Her eyes were moving, turning into a vivid green. My vision blurred.

“She dresses in white,” I said, watching her beautiful dress. “She keeps out of sight.”

A last ditch-effort. I didn’t even know why I did it.

And pulls at my mind…

I fell forward. I could hear her draw her first breath, as my own chest closed. My body was shutting down, my mind and soul being unraveled like a loose thread. Her presence turned warm, as her body felt that first pulse of life.

But as I fell, my hands touched that white dress, and it all came rushing back.

It absorbed into me. Into my hands, my face, my chest. Decades of unbearable loss coming back to me all at once. Anxieties I’d pushed away seeped into the cracks in my mind. Anxiety and sorrow, burning like a hot iron.

I just laid there, screaming. Begging for someone, anyone, to kill me.
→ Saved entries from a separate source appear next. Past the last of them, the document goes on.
(* Let $\alpha$ be a PV number and let $a:\mathbb N\to\mathbb C$, $\tau:\mathbb N\to\mathbb Z$ (integer valued) satisfy $\sum_{k}|a(k)|e^{\eta|\tau(k)|}<\infty$ for some $\eta>0$, and $\sum_k a(k)=|\alpha|$. Let $\varphi$ be a scalar valued refinable function for the data $(\alpha,a,\tau)$. Then $\widehat\varphi$ does not vanish at infinity, i.e. it is not true that $\widehat\varphi(y)\to 0$ as $|y|\to\infty$; consequently $\varphi$ is not integrable.
   Context: A PV number is a real algebraic integer $\alpha$ of degree $d\ge 2$ all of whose Galois conjugates other than $\alpha$ itself have modulus $<1$ (so $|\alpha|>1$). Put $\widehat a(y)=|\alpha|^{-1}\sum_{k\in\mathbb N}a(k)e^{-2\pi i\tau(k)y}$, $y\in\mathbb R$. A scalar valued refinable function for $(\alpha,a,\tau)$ is a nonzero complex tempered distribution $\varphi$ on $\mathbb R$ satisfying $\varphi(x)=\sum_{k\in\mathbb N}a(k)\varphi(\alpha x-\tau(k))$, whose Fourier transform $\widehat\varphi(y)=\int\varphi(x)e^{-2\pi i xy}\,dx$ is a continuous function with $\widehat\varphi(0)\neq0$; equivalently $\widehat\varphi(y)=\widehat a(y\alpha^{-1})\widehat\varphi(y\alpha^{-1})$ for all $y\in\mathbb R$. *)

From Stdlib Require Import Reals ZArith QArith List.
Open Scope R_scope.

Record Cplx := mkC { Re : R ; Im : R }.
Definition RtoC (x : R) : Cplx := mkC x 0.
Definition C0 : Cplx := RtoC 0.
Definition Cadd (z w : Cplx) : Cplx := mkC (Re z + Re w) (Im z + Im w).
Definition Csub (z w : Cplx) : Cplx := mkC (Re z - Re w) (Im z - Im w).
Definition Cmul (z w : Cplx) : Cplx :=
  mkC (Re z * Re w - Im z * Im w) (Re z * Im w + Im z * Re w).
Definition Cmod (z : Cplx) : R := sqrt (Re z ^ 2 + Im z ^ 2).
Definition Cexpi (t : R) : Cplx := mkC (cos t) (sin t).
Lemma spider_max_equilibrium : max_equilibrium spider_budget spider.
Proof.
split=> [i | i T iT cardT]; first by rewrite mem_spider card_spider /spider_arc; split => //; lia.
have [budget0 | budget_pos] := posnP (spider_budget i).
  have T0 : T = set0 by apply: cards0_eq; rewrite cardT.
  have spider0 : spider i = set0 by apply: cards0_eq; rewrite card_spider.
  by rewrite T0 -spider0 deviate_id.
exact: leq_trans (cost_max_spider_le i) (ecc_le_cost_spider_deviate iT cardT budget_pos).
Qed.

Lemma spider_diameter_ge : 2 * L <= diameter spider.
Proof.
have [zero_lt two_L_lt] : 0 < N /\ 2 * L < N by split; lia.
apply: leq_trans (dist_le_diameter _ (Ordinal zero_lt) (Ordinal two_L_lt)).
apply: (dist_ge_lipschitz (f := fun x : 'I_N => spider_dist 0 x)) => //.
- apply: lipschitz_of_arcs => x y; rewrite mem_spider /spider_arc /spider_dist /absdiff.
  by have := ltn_ord x; have := ltn_ord y; repeat case: ifP => ?; lia.
- by rewrite /spider_dist /absdiff /= leqnn; lia.
- by apply: leq_trans (ltnW two_L_lt) _; rewrite leq_pmull.
Qed.
End Spider.
Theorem mainTheorem11
  (psi psi' : R -> R)
  (Hc1 : C1_pos psi psi')
  (Hconc : concave_pos psi)
  (Hd1 : psi' 1 = 1)
  (H : R) (HH : H_psi_finite_eq psi psi' H)
  (d : R) (Hd : 0 < d)
  (V : Type) (vs : list V) (adj : V -> V -> bool)
  (HG : finite_graph vs adj) (Hconn : connected adj)
  (HCD : CDpsi vs adj psi psi' d)
  (u : V -> R -> R) (Hu : pos_heat_solution vs adj u)
  (x1 x2 : V) (T1 T2 : R) (HT1 : 0 < T1) (HT12 : T1 < T2)
  (n : nat) (Hn : is_dist adj x1 x2 n) :
  ln (u x1 T1 / u x2 T2) <= d / 2 * ln (T2 / T1) + H * (INR n) ^ 2 / (T2 - T1).
Proof.
  destruct HG as (_ & Hall & Hsym & _).
  destruct Hu as (Hpos & Hheat & _).
  destruct Hn as [Hwalk _].
  assert (Hpsi : forall x, 0 < x -> derivable_pt_lim psi x (psi' x))
    by (intros x Hx; apply Hc1, Hx).
  assert (Hu : forall v t, 0 < t -> 0 < u v t) by (intros v t Ht; apply Hpos; lra).
  rewrite ln_div, (ln_div T2 T1) by (try apply Hu; lra).
  apply (harnack_walk V adj (fun v t => ln (u v t))
           (fun v t => Lap vs adj (fun w => u w t) v / u v t) (d / 2) H Hsym
           (H_psi_gt0 psi psi' H HH)); [| | |exact Hwalk|exact HT1|exact HT12].
  - intros v t Ht.
    replace (Lap vs adj (fun w => u w t) v / u v t)
      with (/ u v t * Lap vs adj (fun w => u w t) v) by (unfold Rdiv; ring).
    apply (derivable_pt_lim_comp (u v) ln); [apply Hheat, Ht|].
    apply derivable_pt_lim_ln, Hu, Ht.
  - intros v t Ht. replace (- (d / 2) / t) with (- d / (2 * t)) by (field; lra).
    apply (ln_heat_deriv_ge psi psi' d V vs adj u); assumption.
  - intros v w t Ht Hvw Hln. replace (- (d / 2) / t) with (- d / (2 * t)) by (field; lra).
    apply (ln_heat_deriv_ge_edge psi psi' d V vs adj u); assumption.
Qed.
Lemma counts_load_le1_medium c n0 n1 n2 n3 n4 n5 n6 : 0 < c <= 1/40 ->
  counts_load c n0 n1 n2 n3 n4 n5 n6 <= 1 -> (n0 + n1 = 1)%nat -> (n2 + n3 <= 1)%nat.
Proof.
  intros Hc Hl E. pose proof (counts_load_ge c n0 n1 n2 n3 n4 n5 n6 Hc) as Hge.
  rewrite E in Hge. simpl INR in Hge.
  enough (n2 + n3 < 2)%nat by lia. apply INR_lt. simpl. lra.
Qed.

Lemma sum_le1_cases n m : (n + m <= 1)%nat -> (n = 0 /\ m = 0 \/ n = 1 /\ m = 0 \/ n = 0 /\ m = 1)%nat.
Proof. lia. Qed.

(* In a phase-A bin holding one big item and no matching medium one, either the small items
   weigh 1/3 or the bin has slack of order c. *)
Lemma unmatched_bin_slack c n0 n1 n2 n3 n4 : 0 < c <= 1/40 -> (n0 + n1 = 1)%nat -> (n2 + n3 <= 1)%nat ->
  matched n0 n1 n2 n3 = false -> counts_load c n0 n1 n2 n3 n4 0 0 <= 1 ->
  1 <= 5 / (2 * c) * (1 - counts_load c n0 n1 n2 n3 n4 0 0) + 3 * (c * INR n4).
Proof.
  intros Hc Ha Hb G Hl. set (L := 5 / (2 * c)).
  assert (HL : L * c = 5/2) by (unfold L; field; lra).
  assert (HL0 : 0 < L) by (unfold L; apply Rdiv_lt_0_compat; lra).
  pose proof (pos_INR n4).
  assert (0 <= L * (1 - counts_load c n0 n1 n2 n3 n4 0 0)) by (apply Rmult_le_pos; lra).
  pose proof (sum_le1_cases n0 n1 ltac:(lia)) as Ha'. apply sum_le1_cases in Hb.
  destruct Ha' as [[-> ->]|[[-> ->]|[-> ->]]]; try lia;
  destruct Hb as [[-> ->]|[[-> ->]|[-> ->]]]; simpl in G; try discriminate;
  unfold counts_load, kind_size in *; simpl INR in *.
  - destruct (Rle_dec 1 (3 * (c * INR n4))); [lra|].
    match goal with |- context [1 - ?e] => assert (0.12 <= 1 - e) by lra end. nra.
  - assert (n4 < 2)%nat by (apply INR_lt; simpl; nra).
    assert (INR n4 <= 1) by (replace 1 with (INR 1) by reflexivity; apply le_INR; lia).
    nra.
  - destruct (Rle_dec 1 (3 * (c * INR n4))); [lra|].
    match goal with |- context [1 - ?e] => assert (0.12 <= 1 - e) by lra end. nra.
  - assert (n4 < 1)%nat by (apply INR_lt; simpl; nra).
    replace n4 with 0%nat by lia. simpl INR in *. nra.
Qed.

Lemma matched_bin_lower c n0 n1 n2 n3 n4 : 0 < c <= 1/40 -> counts_load c n0 n1 n2 n3 n4 0 0 <= 1 ->
  INR (n0 + n1) - 5 / (2 * c) * (1 - counts_load c n0 n1 n2 n3 n4 0 0) - 3 * (c * INR n4)
  <= INR (n0 + n1) * b2R (matched n0 n1 n2 n3).
Proof.
  intros Hc Hl.
  assert (0 <= 5 / (2 * c) * (1 - counts_load c n0 n1 n2 n3 n4 0 0))
    by (apply Rmult_le_pos; [apply Rlt_le, Rdiv_lt_0_compat|]; lra).
  assert (0 <= c * INR n4) by (pose proof (pos_INR n4); nra).
  pose proof (counts_load_le1_big _ _ _ _ _ _ _ _ Hc Hl) as Ha.
  destruct (Nat.eq_dec (n0 + n1) 0) as [Z|NZ]; [rewrite Z; simpl INR; lra|].
  assert (Ha1 : (n0 + n1 = 1)%nat) by lia. rewrite Ha1. simpl INR.
  destruct (matched n0 n1 n2 n3) eqn:G; simpl b2R; [lra|].
  pose proof (unmatched_bin_slack c n0 n1 n2 n3 n4 Hc Ha1 (counts_load_le1_medium _ _ _ _ _ _ _ _ Hc Hl Ha1)
    G Hl).
  lra.
Qed.

(* A matched pair leaves room c, which the gadgets of sizes 2c/5 and 8c/5 fill up to 4c/5 at most. *)
Lemma matched_bin_slack c n0 n1 n2 n3 n5 n6 : 0 < c <= 1/40 -> (n0 + n1 = 1)%nat -> (n2 + n3 <= 1)%nat ->
  matched n0 n1 n2 n3 = true -> counts_load c n0 n1 n2 n3 0 n5 n6 <= 1 ->
  c / 5 <= 1 - counts_load c n0 n1 n2 n3 0 n5 n6.
Proof.
  intros Hc Ha Hb G Hl. pose proof (pos_INR n5). pose proof (pos_INR n6).
  pose proof (sum_le1_cases n0 n1 ltac:(lia)) as Ha'. apply sum_le1_cases in Hb.
  destruct Ha' as [[-> ->]|[[-> ->]|[-> ->]]]; try lia;
  destruct Hb as [[-> ->]|[[-> ->]|[-> ->]]]; simpl in G; try discriminate;
  unfold counts_load, kind_size in *; simpl INR in *;
  assert (INR n5 + 4 * INR n6 <= 5/2) by nra;
  assert (n6 < 1)%nat by (apply INR_lt; simpl; nra);
  replace n6 with 0%nat in * by lia; simpl INR in *;
  assert (n5 < 3)%nat by (apply INR_lt; simpl; nra);
  assert (INR n5 <= 2) by (replace 2 with (INR 2) by (simpl; lra); apply le_INR; lia);
  nra.
Qed.

Lemma matched_bin_upper c n0 n1 n2 n3 n5 n6 : 0 < c <= 1/40 -> counts_load c n0 n1 n2 n3 0 n5 n6 <= 1 ->
  INR (n0 + n1) * b2R (matched n0 n1 n2 n3) <= 5 / c * (1 - counts_load c n0 n1 n2 n3 0 n5 n6).
Proof.
  intros Hc Hl.
  assert (0 <= 5 / c * (1 - counts_load c n0 n1 n2 n3 0 n5 n6))
    by (apply Rmult_le_pos; [apply Rlt_le, Rdiv_lt_0_compat|]; lra).
  destruct (matched n0 n1 n2 n3) eqn:G; simpl b2R; [|lra].
  pose proof (counts_load_le1_big _ _ _ _ _ _ _ _ Hc Hl) as Ha.
  assert (Ha1 : (n0 + n1 = 1)%nat).
  { unfold matched in G. apply orb_true_iff in G. rewrite !andb_true_iff, !Nat.leb_le in G. lia. }
  pose proof (counts_load_le1_medium _ _ _ _ _ _ _ _ Hc Hl Ha1) as Hb.
  pose proof (matched_bin_slack c n0 n1 n2 n3 n5 n6 Hc Ha1 Hb G Hl) as Hslack.
  apply (Rmult_le_compat_l (5 / c)) in Hslack; [|apply Rlt_le, Rdiv_lt_0_compat; lra].
  replace (5 / c * (c / 5)) with 1 in Hslack by (field; lra).
  rewrite Ha1. simpl INR. lra.
Qed.

Definition item_kind (M i : nat) : nat :=
  if (i <? M)%nat then 0 else if (i <? 2*M)%nat then 1 else if (i <? 3*M)%nat then 2
  else if (i <? 4*M)%nat then 3 else if (i <? 6*M)%nat then 4 else if (i <? 7*M)%nat then 5
  else if (i <? 8*M)%nat then 6 else 7.
Definition adv_size M c i := kind_size c (item_kind M i).
Definition adv_item M c i : nat * R := (i, adv_size M c i).
Definition inserts M c (ids : list nat) := map (fun i => Ins i (adv_size M c i)) ids.
Definition deletes (ids : list nat) := map Del ids.
Definition adv_sized M c (l : list (nat * R)) := forall x, In x l -> snd x = adv_size M c (fst x).
Definition adv_sized_update M c (u : update) :=
  match u with Ins i s => s = adv_size M c i | Del _ => True end.

Ltac ltb_tac :=
  repeat match goal with
  | |- context [Nat.ltb ?a ?b] => destruct (Nat.ltb_spec a b)
  | H : context [Nat.ltb ?a ?b] |- _ => destruct (Nat.ltb_spec a b)
  end.
Ltac kind_tac := unfold item_kind; ltb_tac; try lia.

Lemma kind_size_01 c k : 0 < c <= 1/40 -> 0 <= kind_size c k <= 1.
Proof. intros. destruct k as [|[|[|[|[|[|[|k]]]]]]]; simpl; lra. Qed.

Lemma kind_size_heavy c k : 0 < c <= 1/40 -> (k < 4)%nat -> 2/5 <= kind_size c k.
Proof. intros. destruct k as [|[|[|[|k]]]]; simpl; try lra; lia. Qed.

Lemma present_inserts M c ids l i : present i (fold_left step (inserts M c ids) l)
  <-> present i l \/ In i ids.
Proof.
  unfold inserts; revert l; induction ids as [|j ids IH]; intros l; cbn [map fold_left]. simpl; tauto.
  rewrite IH, present_ins. simpl. intuition.
Qed.
(* Let $n>2$ and $0<\epsilon<\frac{1}{n(n+1)}$. For $1\le i\le n-1$, let player $i$ have the uniform probability measure on the interval $(\frac in-\epsilon,\frac in+\epsilon)$ as valuation, and let player $n$ have the uniform (Lebesgue) valuation on $[0,1]$. Then: (a) in every envy-free complete connected division, all cut points lie in $\{\frac in: 1\le i\le n-1\}$ (each piece is of the form $(\frac{j-1}{n},\frac jn)$), player $n$ has utility exactly $\frac1n$, and each player $i\le n-1$ has utility exactly $\frac12$; (b) the partial division giving player $n$ the interval $(0,\frac1n)$, player 1 the interval $(\frac1n,\frac2n-2\epsilon)$, and each player $2\le i\le n-1$ the interval $\big(i(\frac1n-\epsilon),(i+1)(\frac1n-\epsilon)\big)$, and discarding the rest, is envy-free, gives player $n$ utility $\frac1n$, player 1 utility $\frac12$, and each player $2\le i\le n-1$ utility $1$.
   Context: A (connected) division for players $1,\dots,n$ of the cake $[0,1]$ is a sequence $(X_1,\dots,X_n)$ of pairwise disjoint open intervals (possibly empty), $X_i$ being player $i$'s piece; it is complete if the union of the closures of the $X_i$ equals $[0,1]$, and partial otherwise. Each player $i$ has a valuation $v_i$, a nonatomic probability measure on $[0,1]$; $u_i(x,j)=v_i(X_j)$. A division is envy-free if $u_i(x,i)\ge u_i(x,j)$ for all $i,j$. *)

From Stdlib Require Import Reals Lra Lia Arith.
Open Scope R_scope.

(* A piece is an open interval (a,b) with 0 <= a <= b <= 1 (empty iff a = b).
   Pieces of players 1..n are given by endpoint functions a b : nat -> R. *)

Definition overlap (a b c d : R) : R := Rmax 0 (Rmin b d - Rmax a c).

Definition val (n : nat) (eps : R) (i : nat) (a b : R) : R :=
  if Nat.eqb i n then overlap a b 0 1
  else overlap a b (INR i / INR n - eps) (INR i / INR n + eps) / (2 * eps).

Definition piece (a b : nat -> R) (j : nat) : R -> Prop :=
  fun x => a j < x < b j.

Definition in_closure (X : R -> Prop) (x : R) : Prop :=
  forall delta, 0 < delta -> exists y, X y /\ Rabs (y - x) < delta.
Definition unfold {R : nzRingType} {I N} (X : tensor R I N) (n : nat)
  : 'M[R]_(P I n, Q I N n) :=
  \matrix_(i, j) tget X (i + P I n * j)%N.

Definition ttrank {R : fieldType} {I N} (X : tensor R I N) (n : nat) : nat :=
  \rank (unfold X n).

(* lateral slice p of the reshaping X_[1..n; n+1..N-1; N]:
   rows (i_1..i_n), columns i_N (the column count Q I N N.-1 is the
   product over the single last mode, i.e. I_N) *)
Definition slice {R : nzRingType} {I N} (X : tensor R I N) (n p : nat)
  : 'M[R]_(P I n, Q I N N.-1) :=
  \matrix_(r, c) tget X (r + P I n * p + P I N.-1 * c)%N.

(* Omega is a set of (flat) indices (i_1,...,i_{N-1}).
   Observed rows of slice p at level n: rows r such that the full index
   (r, p) of the first N-1 modes lies in Omega. *)
Definition obs {I : nat -> nat} {N : nat} (Om : {set 'I_(P I N.-1)}) (n p : nat)
  : {set 'I_(P I n)} :=
  [set r : 'I_(P I n) | [exists x in Om, val x == (r + P I n * p)%N]].

Definition rowsel {R : nzRingType} {m : nat} (A : {set 'I_m}) : 'M[R]_(#|A|, m) :=
  \matrix_(i, j) (enum_val i == j)%:R.

Definition Mobs {R : nzRingType} {I N} (X : tensor R I N) (Om : {set 'I_(P I N.-1)})
  (n p : nat) : 'M[R]_(#|obs Om n p|, Q I N N.-1) :=
  rowsel (obs Om n p) *m slice X n p.

Definition Nmat {R : nzRingType} {I N} (Om : {set 'I_(P I N.-1)}) (n : nat) (rn : nat)
  (ps : seq nat)
  (Nobs : forall p : nat, 'M[R]_(#|obs Om n p|, #|obs Om n p| - rn)) :=
  \mxrow_(l < size ps) ((rowsel (obs Om n (nth 0%N ps l)))^T *m Nobs (nth 0%N ps l)).

Definition top_rsv {R : realType} {m n : nat} (M : 'M[R]_(m, n)) (r : nat)
  (V : 'M[R]_(n, r)) : Prop :=
  (r <= n)%N /\
  exists (U : 'M[R]_m) (W : 'M[R]_n) (s : nat -> R),
    U^T *m U = 1%:M /\ W^T *m W = 1%:M /\
    (forall k, 0 <= s k) /\ (forall k, s k.+1 <= s k) /\
    M = U *m (\matrix_(i < m, j < n) if (i == j :> nat) then s i else 0) *m W^T /\
    (forall (i : 'I_n) (j : 'I_r), V i j = mxn W i j).

(* Step (3): slice i of the core G^(n+1) (n >= 1): A^(n)^T B^(n+1) where
   B^(n+1)(r, (i, s)) = A^(n+1)((r, i), s). *)
Definition Gmid {R : nzRingType} {I : nat -> nat} {rk : nat -> nat}
  (A : forall n, 'M[R]_(P I n, rk n)) (n i : nat) : 'M[R]_(rk n, rk n.+1) :=
  (A n)^T *m \matrix_(r < P I n, s < rk n.+1) mxn (A n.+1) (r + P I n * i)%N s.

(* row vector G^(1)_{:d0:} G^(2)_{:d1:} ... G^(k+1)_{:dk:} *)
Fixpoint pre {R : nzRingType} {I : nat -> nat} {rk : nat -> nat}
  (A : forall n, 'M[R]_(P I n, rk n)) (d : nat -> nat) (k : nat)
  : 'M[R]_(1, rk k.+1) :=
  match k with
  | 0 => \row_s mxn (A 1%N) (d 0%N) s
  | k'.+1 => pre A d k' *m Gmid A k'.+1 (d k'.+1)
  end.

(* G^(<N-1): matrix form of G^(1) . ... . G^(N-2), rows (i_1..i_{N-2}) *)
Definition Gpre {R : nzRingType} {I : nat -> nat} {rk : nat -> nat} (N : nat)
  (A : forall n, 'M[R]_(P I n, rk n)) : 'M[R]_(P I (N - 2)%N, rk (N - 2)%N) :=
  \matrix_(r, s) mxn (pre A (digit I r) (N - 3)%N) 0%N s.

Arguments mxn {R m n} M i j.
Arguments tget {R I N} X k.
Arguments unfold {R I N} X n.
Arguments ttrank {R I N} X n.
Arguments slice {R I N} X n p.
Arguments obs {I N} Om n p.
Arguments rowsel {R m} A.
Arguments Mobs {R I N} X Om n p.
Arguments Nmat {R I N} Om n rn ps Nobs.
Arguments top_rsv {R m n} M r V.
Arguments Gmid {R I rk} A n i.
Arguments pre {R I rk} A d k.
Arguments Gpre {R I rk} N A.

(* For each level n <= N-2, an observed slice restricted to its observed rows
   has rank R_n, so its column space is the restriction of the column space of
   the n-th unfolding; hence that column space is annihilated by N^(n)^T, and
   the dimension hypothesis makes it exactly ker N^(n)^T = col A^(n).  Each
   reshaped block of A^(n+1) then lies in col A^(n), the products
   A^(n)^T B^(n+1) telescope, and G^(<N-1) = A^(N-2).  Since S_r X_[1..N-1;N]
   has rank R_{N-1}, its top right singular vectors V span the row space of
   X_[1..N-1;N], so X_[1..N-1;N] V V^T = X_[1..N-1;N].  Finally S_r^(i) A^(N-2)
   has full column rank by (iii), so the i-th slice system has the unique
   solution A^(N-2)^T X_{:i:} V, and A A^T X_{:i:} V V^T = X_{:i:} gives back
   every entry. *)

From HB Require Import structures.
From mathcomp Require Import all_boot all_order all_algebra.
From mathcomp Require Import reals.
From mathcomp Require Import zify ring.
Set Implicit Arguments.
Unset Strict Implicit.
Unset Printing Implicit Defensive.
Import Order.TTheory GRing.Theory Num.Theory.
Local Open Scope ring_scope.

Section NatIndexedEntries.
Variables (R : nzRingType) (m n : nat).
Implicit Type M : 'M[R]_(m, n).

Lemma mxnE M i j (hi : (i < m)%N) (hj : (j < n)%N) :
  mxn M i j = M (Ordinal hi) (Ordinal hj).
Proof.
rewrite /mxn; case: insubP => [i' _ ei|]; last by rewrite hi.
case: insubP => [j' _ ej|]; last by rewrite hj.
by congr (M _ _); apply: val_inj.
Qed.

Lemma mxn_ord M (i : 'I_m) (j : 'I_n) : mxn M i j = M i j.
Proof. by rewrite (mxnE M (ltn_ord i) (ltn_ord j)); congr (M _ _); apply: val_inj. Qed.

Lemma row_mxn M i (hi : (i < m)%N) : \row_s mxn M i s = row (Ordinal hi) M.
Proof. by apply/rowP => s; rewrite !mxE (mxnE M hi (ltn_ord s)); congr (M _ _); apply: val_inj. Qed.

Lemma col_mxn M j (hj : (j < n)%N) : \col_s mxn M s j = col (Ordinal hj) M.
Proof. by apply/colP => s; rewrite !mxE (mxnE M (ltn_ord s) hj); congr (M _ _); apply: val_inj. Qed.

End NatIndexedEntries.

Lemma mul_row_col_mx (R : nzRingType) m n p (M : 'M[R]_(m, n)) (M' : 'M[R]_(n, p)) i j :
  (row i M *m col j M') 0 0 = (M *m M') i j.
Proof. by rewrite !mxE; apply: eq_bigr => k _; rewrite !mxE. Qed.

Section RankFacts.
Variable F : fieldType.

Lemma mxrank_mxsub m n m' n' (f : 'I_m' -> 'I_m) (g : 'I_n' -> 'I_n) (M : 'M[F]_(m, n)) :
  (\rank (mxsub f g M) <= \rank M)%N.
Proof.
have -> : mxsub f g M = rowsub f (colsub g M) by apply/matrixP => i j; rewrite !mxE.
apply: leq_trans (mxrankS (rowsub_sub _ _)) _.
by rewrite -mxrank_tr trmx_mxsub -[leqRHS]mxrank_tr mxrankS ?rowsub_sub.
Qed.

Lemma mulmx_sub_eqrank m1 m2 n p (A : 'M[F]_(m1, n)) (B : 'M[F]_(m2, n)) (S : 'M[F]_(n, p)) :
  (B <= A)%MS -> \rank (B *m S) = \rank A -> (A *m S <= B *m S)%MS.
Proof.
move=> sBA rBS; have sBSA := submxMr S sBA.
rewrite -(mxrank_leqif_sup sBSA).2 eqn_leq mxrankS //= rBS.
exact: mxrankM_maxl.
Qed.

Lemma orthonormal_proj_id m r q (A : 'M[F]_(m, r)) (B : 'M[F]_(m, q)) :
  A^T *m A = 1%:M -> (B^T <= A^T)%MS -> A *m (A^T *m B) = B.
Proof.
move=> hA /submxP [D hD].
have -> : B = A *m D^T by rewrite -[B]trmxK hD trmx_mul trmxK.
by rewrite (mulmxA A^T) hA mul1mx.
Qed.

Lemma row_free_trmx_orthonormal m r (A : 'M[F]_(m, r)) :
  A^T *m A = 1%:M -> row_free A^T.
Proof.
move=> hA; rewrite -row_leq_rank; apply: leq_trans (mxrankM_maxl _ A).
by rewrite hA mxrank1.
Qed.

End RankFacts.

Section RectangularDiagonal.
Variable R : numFieldType.

Definition rdiag_mx m n (s : nat -> R) : 'M[R]_(m, n) :=
  \matrix_(i, j) if i == j :> nat then s i else 0.

Lemma mul_rdiag_mxE m n p (s : nat -> R) (B : 'M[R]_(n, p)) i c :
  (rdiag_mx m n s *m B) i c = if (i < n)%N then s i * mxn B i c else 0.
Proof.
rewrite mxE (eq_bigr (fun b : 'I_n => if b == i :> nat then s i * mxn B b c else 0)).
  by rewrite -big_mkcond (big_ord1_eq _ (fun b => s i * mxn B b c)).
by move=> b _; rewrite mxE mxn_ord eq_sym; case: eqP => [<-|_]; rewrite ?mul0r.
Qed.
(* Let $P:\mathcal C^{op}\to\mathbf{Heyt}$ be a weak hyperdoctrine with full weak comprehensions and comprehensive diagonals, such that $\Psi_{\mathcal C}$ is a weak hyperdoctrine. Suppose that for every arrow $f$ of $\mathcal C$ the left adjoint $\exists_f$ is stable under double negation, i.e. $\exists_f=\neg\neg\exists_f$, and that $[\{\bot_A\}]$ is the bottom element of $\Psi_{\mathcal C}(A)$ for every $A$. Then the composite $[\{-\}]\circ L:\Psi_{\mathcal C}\to\Psi_{\mathcal C}$ is double negation: for every $f:X\to A$ it maps $[f]$ to $\neg\neg[f]$.
   Context: A weak hyperdoctrine is an elementary doctrine (equality predicates $\delta_A$, written $=_A$) over a weakly cartesian closed base with Heyting fibres and reindexing, and left and right adjoints $\exists,\forall$ to reindexing along product projections satisfying Beck–Chevalley. For any $f:A\to B$, $\exists_f:P(A)\to P(B)$ is the left adjoint of $P_f$, given by $\exists_f(\alpha)(b)=\exists a:A.[f(a)=_Bb\wedge\alpha(a)]$. A weak comprehension of $\alpha\in P(A)$ is an arrow $\{\alpha\}:X\to A$ with $\top\le P_{\{\alpha\}}(\alpha)$ through which every $f$ with $\top\le P_f(\alpha)$ factors; full weak comprehensions: all exist and $\alpha\le\beta$ whenever $\{\alpha\}$ factors through $\{\beta\}$. Comprehensive diagonals: $f=g$ whenever $\top\vdash f(x)=_Yg(x)$. $\Psi_{\mathcal C}$ sends $A$ to the poset reflection of $\mathcal C/A$ (elements $[f]$), with reindexing by weak pullback. The natural transformations $L:\Psi_{\mathcal C}\to P$ and $[\{-\}]:P\to\Psi_{\mathcal C}$ are $L_A([f:X\to A])=\exists_f(\top_X)$ and $[\{-\}]_A(\alpha)=[\{\alpha\}]$; $\neg\neg$ is computed in the Heyting algebra $\Psi_{\mathcal C}(A)$. *)

Set Implicit Arguments.
Unset Strict Implicit.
For the white lady to end it, to take me away.

But no, she was gone.

I’d forgotten the rhyme.

This was a couple of years ago.

I’ve been to therapy three times a week since then. Doctor Bogan tells me I’m in steady recovery. I’m coming to terms with all that I’ve tried to forget and accepting the things I’ve chosen to leave behind. She’s the first doctor that didn’t just dismiss me as having a breakdown or calling it all a coping mechanism. This was too complicated. While she doesn’t tell me she believes that the lady in white was truly physically real, she has no doubt in her mind that I was on the edge of disappearing; in one way or another.

But then there was that time a few weeks ago. I’d taken a number at the bank and was waiting for my turn. The lady in front of me had probably been there for half an hour. She’d fallen asleep in her chair, clutching her number.

“Number four!” the clerk called out.

As the lady slowly came to, I heard her mumble.

“…like a thread.”

Then she smiled, put her number away, and walked off.

Maybe the white lady found a new victim, trying to make herself real again.

Maybe she just wanted to remind me that she’s out there.

Or maybe she’s back, and I have no way to know what I’m missing.